Definition leibniz_weight (n j : nat) : R :=
  (INR (binom n j) * (M * (/ s') ^ j * INR (fact j) ^ 2)) ^ 2 / q ^ j.

(* Cauchy-Schwarz with the geometric weights q^j, whose total mass is at most 1/(1-q). *)
Lemma leibnizD_sq_le n x : 0 < x < 1 ->
  leibnizD Df Du n x ^ 2
  <= / (1 - q) * sum_f_R0 (fun j => leibniz_weight n j * Du (n - j)%nat x ^ 2) n.
Proof.
  intros Hx. assert (Hqj : forall j, 0 < q ^ j) by (intro; apply pow_lt; lra).
  unfold leibnizD, leibniz.
  eapply Rle_trans; [exact (sum_sq_le_weighted _ _ n Hqj)|].
  apply Rmult_le_compat.
  - left; apply tech1; auto.
  - apply cond_pos_sum; intro j; pose proof (Hqj j).
    apply Rmult_le_pos; [apply pow2_ge_0|left; apply Rinv_0_lt_compat; lra].
  - rewrite tech3 by lra; unfold Rdiv; rewrite <- (Rmult_1_l (/ (1 - q))) at 2.
    apply Rmult_le_compat_r; [left; apply Rinv_0_lt_compat; lra|].
    pose proof (pow_lt q (S n) (proj1 Hq)); lra.
  - apply sum_Rle; intros j Hj; unfold leibniz_weight; pose proof (Hqj j).
    assert (HDf2 : Df j x ^ 2 <= (M * (/ s') ^ j * INR (fact j) ^ 2) ^ 2).
    { rewrite <- pow2_abs; apply pow_incr; split; [apply Rabs_pos|apply HDf; exact Hx]. }
    set (K := INR (binom n j) ^ 2 * Du (n - j)%nat x ^ 2 / q ^ j).
    assert (HK : 0 <= K).
    { unfold K; apply Rmult_le_pos; [apply Rmult_le_pos; apply pow2_ge_0|].
      left; apply Rinv_0_lt_compat; lra. }
    replace ((INR (binom n j) * Df j x * Du (n - j)%nat x) ^ 2 / q ^ j)
      with (K * Df j x ^ 2) by (unfold K; field; lra).
    replace ((INR (binom n j) * (M * (/ s') ^ j * INR (fact j) ^ 2)) ^ 2 / q ^ j
               * Du (n - j)%nat x ^ 2)
      with (K * (M * (/ s') ^ j * INR (fact j) ^ 2) ^ 2) by (unfold K; field; lra).
    apply Rmult_le_compat_l; assumption.
Qed.

Lemma wint_leibnizD_le n :
  wint s k (leibnizD Df Du) n
  <= / (1 - q) * sum_f_R0 (fun j => leibniz_weight n j * wint s k Du (n - j)) n.
Proof.
  set (G j x := (x / s) ^ k * Du (n - j)%nat x ^ 2).
  assert (HG : forall j, cont01 (G j)) by (intro j; apply cont01_weighted_sq, cont_Du).
  replace (/ (1 - q) * sum_f_R0 (fun j => leibniz_weight n j * wint s k Du (n - j)) n)
    with (Int01 (fun x => sum_f_R0 (fun j => / (1 - q) * leibniz_weight n j * G j x) n)).
  2:{ rewrite Int01_sum by exact HG; rewrite scal_sum; apply sum_eq; intros.
      unfold wint, G; ring. }
  apply Int01_le.
  - apply cont01_weighted_sq, cont_leibnizD.
  - apply cont01_sum; intro j; apply cont01_mult; [apply cont01_const|apply HG].
  - intros x Hx.
    replace (sum_f_R0 (fun j => / (1 - q) * leibniz_weight n j * G j x) n)
      with ((x / s) ^ k * (/ (1 - q) * sum_f_R0 (fun j => leibniz_weight n j * Du (n - j)%nat x ^ 2) n))
      by (rewrite !scal_sum; apply sum_eq; intros; unfold G; ring).
    apply Rmult_le_compat_l; [apply weight_ge0; lra|apply leibnizD_sq_le; exact Hx].
Qed.

Lemma gcoef_lcoef_le n j : (j <= n)%nat ->
  gcoef s n * leibniz_weight n j <= M ^ 2 * q ^ j * gcoef s (n - j).
Proof.
  intros Hj. assert (Hqj : 0 < q ^ j) by (apply pow_lt; lra).
  assert (Hbound := gcoef_binom_le s s' n j Hs ltac:(lra) Hj); fold q in Hbound.
  apply Rmult_le_reg_r with (q ^ j); [exact Hqj|].
  unfold leibniz_weight; rewrite binom_C by exact Hj.
  replace (gcoef s n * ((C n j * (M * (/ s') ^ j * INR (fact j) ^ 2)) ^ 2 / q ^ j) * q ^ j)
    with (M ^ 2 * (gcoef s n * (C n j * ((/ s') ^ j * INR (fact j) ^ 2)) ^ 2))
    by (field; lra).
  replace (M ^ 2 * q ^ j * gcoef s (n - j) * q ^ j)
    with (M ^ 2 * (q ^ (2 * j) * gcoef s (n - j)))
    by (replace (2 * j)%nat with (j + j)%nat by lia; rewrite pow_add; ring).
  apply Rmult_le_compat_l; [apply pow2_ge_0|exact Hbound].
Qed.

Lemma gterm_shift_le n j : (j <= n)%nat ->
  INR n ^ (k + l) * (gcoef s (n - j) * wint s k Du (n - j))
  <= (1 + INR j) ^ 3 * gterm_aug s k l Du (n - j).
Proof.
  intros Hj. unfold gterm_aug; rewrite gterm_split.
  assert (HI := wint_ge0 s k Du (n - j) Hs (cont_Du _)).
  assert (Hg := gcoef_pos s (n - j) Hs).
  pose proof (pos_INR j); pose proof (pos_INR n).
  destruct (Nat.eq_dec n j) as [<-|Hnj].
  - rewrite Nat.sub_diag in *; rewrite gcoef_0 in *.
    apply Rle_trans with ((1 + INR n) ^ 3 * wint s k Du 0).
    + rewrite Rmult_1_l; apply Rmult_le_compat_r; [exact HI|exact (pow_INR_le_cube n _ Hkl)].
    + apply Rmult_le_compat_l; [apply pow_le; lra|].
      assert (0 <= INR 0 ^ (k + l)) by (apply pow_le, pos_INR); nra.
  - assert (Hshift := pow_INR_le_shift n j (k + l) Hj Hkl ltac:(lia)).
    replace (match (n - j)%nat with O => wint s k Du 0 | S _ => 0 end) with 0
      by (destruct (n - j)%nat eqn:E; [lia|reflexivity]).
    rewrite Rplus_0_r.
    replace ((1 + INR j) ^ 3 * (gcoef s (n - j) * INR (n - j) ^ (k + l) * wint s k Du (n - j)))
      with ((1 + INR j) ^ 3 * INR (n - j) ^ (k + l) * (gcoef s (n - j) * wint s k Du (n - j)))
      by ring.
    apply Rmult_le_compat_r; [apply Rmult_le_pos; lra|exact Hshift].
Qed.

Lemma gterm_leibnizD_le n :
  gterm s k l (leibnizD Df Du) n
  <= M ^ 2 / (1 - q)
     * sum_f_R0 (fun j => q ^ j * (1 + INR j) ^ 3 * gterm_aug s k l Du (n - j)) n.
Proof.
  assert (Hc : 0 < / (1 - q)) by (apply Rinv_0_lt_compat; lra).
  assert (HnK : 0 <= INR n ^ (k + l)) by (apply pow_le, pos_INR).
  rewrite gterm_split.
  eapply Rle_trans.
  { apply Rmult_le_compat_l; [|apply wint_leibnizD_le].
    apply Rmult_le_pos; [apply Rlt_le, gcoef_pos, Hs|exact HnK]. }
  rewrite <- Rmult_assoc, !scal_sum; apply sum_Rle; intros j Hj.
  assert (HI := wint_ge0 s k Du (n - j) Hs (cont_Du _)).
  assert (Hqj : 0 < q ^ j) by (apply pow_lt; lra).
  apply Rle_trans with
    (/ (1 - q) * INR n ^ (k + l) * (M ^ 2 * q ^ j * gcoef s (n - j)) * wint s k Du (n - j)).
  - replace (leibniz_weight n j * wint s k Du (n - j) * (gcoef s n * INR n ^ (k + l) * / (1 - q)))
      with (/ (1 - q) * INR n ^ (k + l) * (gcoef s n * leibniz_weight n j) * wint s k Du (n - j))
      by ring.
    apply Rmult_le_compat_r; [exact HI|].
    apply Rmult_le_compat_l; [apply Rmult_le_pos; lra|exact (gcoef_lcoef_le n j Hj)].
  - replace (/ (1 - q) * INR n ^ (k + l) * (M ^ 2 * q ^ j * gcoef s (n - j))
               * wint s k Du (n - j))
      with (/ (1 - q) * M ^ 2 * q ^ j
            * (INR n ^ (k + l) * (gcoef s (n - j) * wint s k Du (n - j)))) by ring.
    replace (q ^ j * (1 + INR j) ^ 3 * gterm_aug s k l Du (n - j) * (M ^ 2 / (1 - q)))
      with (/ (1 - q) * M ^ 2 * q ^ j * ((1 + INR j) ^ 3 * gterm_aug s k l Du (n - j)))
      by (unfold Rdiv; ring).
    apply Rmult_le_compat_l; [|exact (gterm_shift_le n j Hj)].
    apply Rmult_le_pos; [apply Rmult_le_pos; [lra|apply pow2_ge_0]|lra].
Qed.
Definition added (H : aut -> Prop) (Y : subcx) (R : F X) (x : E X)
    (s : F X * nat) : Prop :=
  side_in (Yp_E H Y R) (Yp_F H Y R) x s /\ ~ side_in (sE Y) (sF Y) x s.

Definition stab (g : aut) (R : F X) : Prop := aF g R = R.
Definition fixes (g : aut) (R : F X) : Prop :=
  aF g R = R /\ forall i, i < len R -> posmap g R i = i.

Definition fix_coset (H : aut -> Prop) (R : F X) (g g' : aut) : Prop :=
  exists k, H k /\ fixes k R /\ comp_as g' g k.

(* |Stab_H(R) / Fix_H(R)| = N : a complete irredundant list of coset        *)
(* representatives has length N.                                            *)
Definition autH_card (H : aut -> Prop) (R : F X) (N : nat) : Prop :=
  exists gs : seq aut,
    size gs = N /\
    (forall g, List.In g gs -> H g /\ stab g R) /\
    (forall a b i1 i2, List.nth_error gs i1 = Some a -> List.nth_error gs i2 = Some b ->
        i1 <> i2 -> ~ fix_coset H R a b) /\
    (forall g, H g -> stab g R -> exists a, List.In a gs /\ fix_coset H R a g).

End Cx.

(* l enumerates P without repetition (so |P| = size l). *)
Definition enumerates {A : Type} (P : A -> Prop) (l : seq A) : Prop :=
  List.NoDup l /\ forall x, List.In x l <-> P x.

## To do
What lines in the listing above contain the word "fact"? Show each one.

## Result of this exercise
  (INR (binom n j) * (M * (/ s') ^ j * INR (fact j) ^ 2)) ^ 2 / q ^ j.
    assert (HDf2 : Df j x ^ 2 <= (M * (/ s') ^ j * INR (fact j) ^ 2) ^ 2).
    replace ((INR (binom n j) * (M * (/ s') ^ j * INR (fact j) ^ 2)) ^ 2 / q ^ j
      with (K * (M * (/ s') ^ j * INR (fact j) ^ 2) ^ 2) by (unfold K; field; lra).
  replace (gcoef s n * ((C n j * (M * (/ s') ^ j * INR (fact j) ^ 2)) ^ 2 / q ^ j) * q ^ j)
    with (M ^ 2 * (gcoef s n * (C n j * ((/ s') ^ j * INR (fact j) ^ 2)) ^ 2))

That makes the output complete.